§ **INSTRUCTIONS FOR THE TASK**
Which lines of the records contain the word "MinimalFace"? Show each of them.

(Saved entries)
****************
Lemma lin1Z (k : R) (a : 'cV[R]_(m + 1)) : lin1 v (k *: a) = k * lin1 v a.
Proof.
rewrite /lin1 /dotv linearZ !mxE mulrDr mulr_sumr; congr (_ + _).
by apply: eq_bigr => i _; rewrite !mxE mulrCA.
Qed.

Lemma lin1_mulmx n (A : 'M[R]_(m + 1, n)) (y : 'cV[R]_n) :
  lin1 v (A *m y) = \sum_k y k 0 * lin1 v (col k A).
Proof.
have lin10 : lin1 v 0 = 0 by rewrite -(scale0r 0) lin1Z mul0r.
rewrite mulmx_sum_col (big_morph (lin1 v) lin1D lin10).
by apply: eq_bigr => k _; rewrite lin1Z.
Qed.

Variables (n : nat) (A : 'M[R]_(m + 1, n)).

Lemma Fv_face : is_face (conv_mx A) (Fv v A).
Proof.
split; first by move=> a [].
  move=> a b t [ca la] [cb lb] t01; split; first exact: conv_mx_convex.
  move=> c cc; rewrite lin1D !lin1Z.
  have := la c cc; have := lb c cc; case/andP: t01 => t0 t1; nra.
move=> a b t ca cb /andP[t0 t1] [_ lab].
have := lab a ca; have := lab b cb; rewrite lin1D !lin1Z => hb ha.
have la : lin1 v a <= lin1 v (t *: a + (1 - t) *: b) by rewrite lin1D !lin1Z; nra.
have lb : lin1 v b <= lin1 v (t *: a + (1 - t) *: b) by rewrite lin1D !lin1Z; nra.
by split; split=> // c cc; [apply: le_trans la _ | apply: le_trans lb _]; exact: lab.
Qed.

Lemma Fv_cancel (r : 'cV[R]_n) (mu : R) g :
  (forall k, 0 <= r k 0) -> \sum_k r k 0 + mu = 1 -> 0 < mu -> conv_mx A g ->
  Fv v A (A *m r + mu *: g) -> Fv v A g.
Proof.
move=> r0 rmu mu0 cg [_ umin]; split=> // c cc.
set u := A *m r + mu *: g in umin *.
have lr : (1 - mu) * lin1 v u <= lin1 v (A *m r).
  rewrite lin1_mulmx -rmu addrK mulr_suml; apply: ler_sum => k _.
  by apply: ler_wpM2l => //; apply/umin/conv_mx_col.
have lu : lin1 v u = lin1 v (A *m r) + mu * lin1 v g by rewrite lin1D lin1Z.
have lgu : lin1 v g <= lin1 v u by nra.
exact: le_trans lgu (umin c cc).
Qed.

Lemma Fv_residual (x w : 'cV[R]_n) : simplex n x -> simplex n w -> x != w ->
  Fv v A (A *m w) -> Fv v A (A *m residual w x).
Proof.
move=> sx sw xw Fw; have ewx : 0 < excess w x by rewrite -excessC excess_gt0.
apply: (Fv_cancel (fun k => common_ge0 k sw sx) (subrKC _ 1) ewx).
  by exists (residual w x) => //; apply: residual_simplex; rewrite // eq_sym.
by rewrite scalemxAr -mulmxDr residual_decomp // lt0r_neq0.
Qed.

End Objective.

Section MinimalFace.
Variables (R : realType) (p : nat) (C : set 'cV[R]_p) (g : 'cV[R]_p).

Definition min_face : set 'cV[R]_p :=
  [set a | C a /\ exists2 e : R, 0 < e & C (g + e *: (g - a))].

Hypotheses (C_convex : is_convex C) (Cg : C g).

Lemma min_face_self : min_face g.
Proof. by split=> //; exists 1 => //; rewrite subrr scaler0 addr0. Qed.

Lemma min_face_shrink a (e e' : R) :
  C (g + e *: (g - a)) -> 0 < e' <= e -> C (g + e' *: (g - a)).
Proof.
move=> Ce /andP[e'0 e'e]; have e0 : 0 < e := lt_le_trans e'0 e'e.
have -> : g + e' *: (g - a) = (e' / e) *: (g + e *: (g - a)) + (1 - e' / e) *: g.
  by apply/colP => i; rewrite !mxE; field; exact: lt0r_neq0.
by apply: C_convex => //; rewrite ler_pdivrMr // mul1r e'e andbT divr_ge0 // ltW.
Qed.

Lemma min_face_convex : is_convex min_face.
Proof.
move=> a b t [Ca [ea ea0 Cea]] [Cb [eb eb0 Ceb]] t01; split; first exact: C_convex.
have e0 : 0 < Num.min ea eb by rewrite lt_min ea0 eb0.
exists (Num.min ea eb) => //.
have ea' : 0 < Num.min ea eb <= ea by rewrite e0 ge_min lexx.
have eb' : 0 < Num.min ea eb <= eb by rewrite e0 ge_min lexx orbT.
have := C_convex (min_face_shrink Cea ea') (min_face_shrink Ceb eb') t01.
by congr C; apply/colP => i; rewrite !mxE; ring.
Qed.

Lemma min_face_extreme a b (t : R) : C a -> C b -> 0 < t < 1 ->
  min_face (t *: a + (1 - t) *: b) -> min_face a.
Proof.
move=> Ca Cb /andP[t0 t1] [_ [e e0 Ce]]; split=> //.
have d0 : 0 < 1 + e * (1 - t) by rewrite addr_gt0 // mulr_gt0 // subr_gt0.
set th := (1 + e * (1 - t))^-1.
have th0 : 0 < th by rewrite invr_gt0.
have th1 : th <= 1 by rewrite invf_le1 // lerDl mulr_ge0 ?subr_ge0 // ltW.
exists (e * t * th); first by rewrite !mulr_gt0.
have -> : g + (e * t * th) *: (g - a) =
    th *: (g + e *: (g - (t *: a + (1 - t) *: b))) + (1 - th) *: b.
  by apply/colP => i; rewrite !mxE /th; field; exact: lt0r_neq0.
by apply: C_convex => //; rewrite ltW.
Qed.

Lemma min_face_sub F : is_face C F -> F g -> min_face `<=` F.
Proof.
move=> [_ _ Fext] Fg a [Ca [e e0 Ce]].
have e1 : 0 < 1 + e by rewrite addr_gt0.
have t01 : 0 < e / (1 + e) < 1.
  by rewrite divr_gt0 //= ltr_pdivrMr // mul1r ltrDr.
have g_mid : (e / (1 + e)) *: a + (1 - e / (1 + e)) *: (g + e *: (g - a)) = g.
  by apply/colP => i; rewrite !mxE; field; exact: lt0r_neq0.
by have [] := Fext _ _ _ Ca Ce t01; rewrite ?g_mid.
Qed.

Lemma min_face_is_face F : is_face C F -> F g -> is_face F min_face.
Proof.
move=> faceF Fg; have [FC _ _] := faceF; split.
- exact: min_face_sub.
- exact: min_face_convex.
move=> a b t /FC Ca /FC Cb t01 Gab; split; first exact: min_face_extreme Gab.
apply: (min_face_extreme Cb Ca (t := 1 - t)).
  by case/andP: t01 => t0 t1; rewrite subr_gt0 t1 ltrBlDr ltrDl.
by rewrite subKr addrC.
Qed.

End MinimalFace.

Lemma min_face_col_weight (R : realType) p n (A : 'M[R]_(p, n)) g j :
  min_face (conv_mx A) g (col j A) ->
  exists2 s, simplex n s /\ A *m s = g & 0 < s j 0.
Proof.
move=> [_ [e e0 [s' ss' As']]].
have e1 : 0 < 1 + e by rewrite addr_gt0.
have th01 : 0 <= (1 + e)^-1 <= 1 by rewrite invr_ge0 ltW //= invf_le1 // lerDl ltW.
exists ((1 + e)^-1 *: s' + (1 - (1 + e)^-1) *: delta_mx j 0).
  split; first by apply: simplex_convex th01 => //; exact: simplex_delta.
  rewrite mulmxDr -!scalemxAr As' -colE.
  by apply/colP => i; rewrite !mxE; field; exact: lt0r_neq0.
rewrite !mxE !eqxx mulr1 ltr_wpDl ?mulr_ge0 ?ss'.1 ?subr_gt0 ?invf_lt1 ?ltrDl //.
by case/andP: th01.
Qed.

Lemma overlap_argmax_min_face (R : realType) p n (A : 'M[R]_(p, n)) u (x w : 'cV[R]_n) k :
  simplex n x -> simplex n w -> x != w -> A *m w = u ->
  (forall w', simplex n w' -> A *m w' = u -> overlap x w' <= overlap x w) ->
  residual x w k 0 != 0 -> ~ min_face (conv_mx A) (A *m residual w x) (col k A).
Proof.
move=> sx sw xw Aw wmax yk /min_face_col_weight [s [ss As] sk].
have ex0 := excess_gt0 sx sw xw.
have {}yk : 0 < residual x w k 0 by rewrite lt0r yk (residual_simplex sx sw xw).1.
pose w' := common x w + excess x w *: s.
have sw' : simplex n w'.
  exact: simplex_shift (fun i => common_ge0 i sx sw) (ltW ex0) (subrKC _ 1) ss.
have Aw' : A *m w' = u.
  have ewx : excess w x != 0 by rewrite -excessC lt0r_neq0.
  rewrite -Aw -(residual_decomp ewx) [common w x]commonC [excess w x]excessC.
  by rewrite !mulmxDr -(scalemxAr _ A s) -(scalemxAr _ A (residual w x)) As.
apply/negP: (wmax _ sw' Aw'); rewrite -ltNge.
have w'E i : w' i 0 = common x w i 0 + excess x w * s i 0 by rewrite !mxE.
apply: (overlap_lt (j := k)) => [i||]; rewrite ?w'E.
- by rewrite lerDl mulr_ge0 ?(ltW ex0) ?(ss.1 i).
- by rewrite -residual_gt0.
- by rewrite ltrDl mulr_gt0.
Qed.

Section VNorm.
Variables (R : realType) (m : nat) (N : 'cV[R]_m -> R) (v : 'cV[R]_m).

Lemma vnorm_gt0 (w : 'cV[R]_(m + 1)) : is_norm N -> w != 0 -> 0 < vnorm N v w.
Proof.
move=> [N0 _ _] w0; rewrite lt_neqAle sqrtr_ge0 andbT eq_sym; apply: contra w0.
rewrite sqrtr_eq0 -/(lin1 v w) => le0.
have /eqP : N (usubmx w) ^+ 2 + `|lin1 v w| = 0.
  by apply/eqP; rewrite eq_le le0 addr_ge0 ?sqr_ge0.
rewrite paddr_eq0 ?sqr_ge0 // => /andP[/eqP Nu0 /eqP L0].
have u0 : usubmx w = 0 by apply/N0/eqP; rewrite -sqrf_eq0 Nu0.
have d0 : dsubmx w = 0.
  apply/colP => i; rewrite (ord1 i) [RHS]mxE; apply/eqP.
  move: L0 => /eqP; rewrite normr_eq0 /lin1 u0 /dotv big1 ?add0r //.
  by move=> k _; rewrite mxE mulr0.
by rewrite -[w]vsubmxK u0 d0 col_mx0.
Qed.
****************
§ **RESPONSE AREA**
Section MinimalFace.
End MinimalFace.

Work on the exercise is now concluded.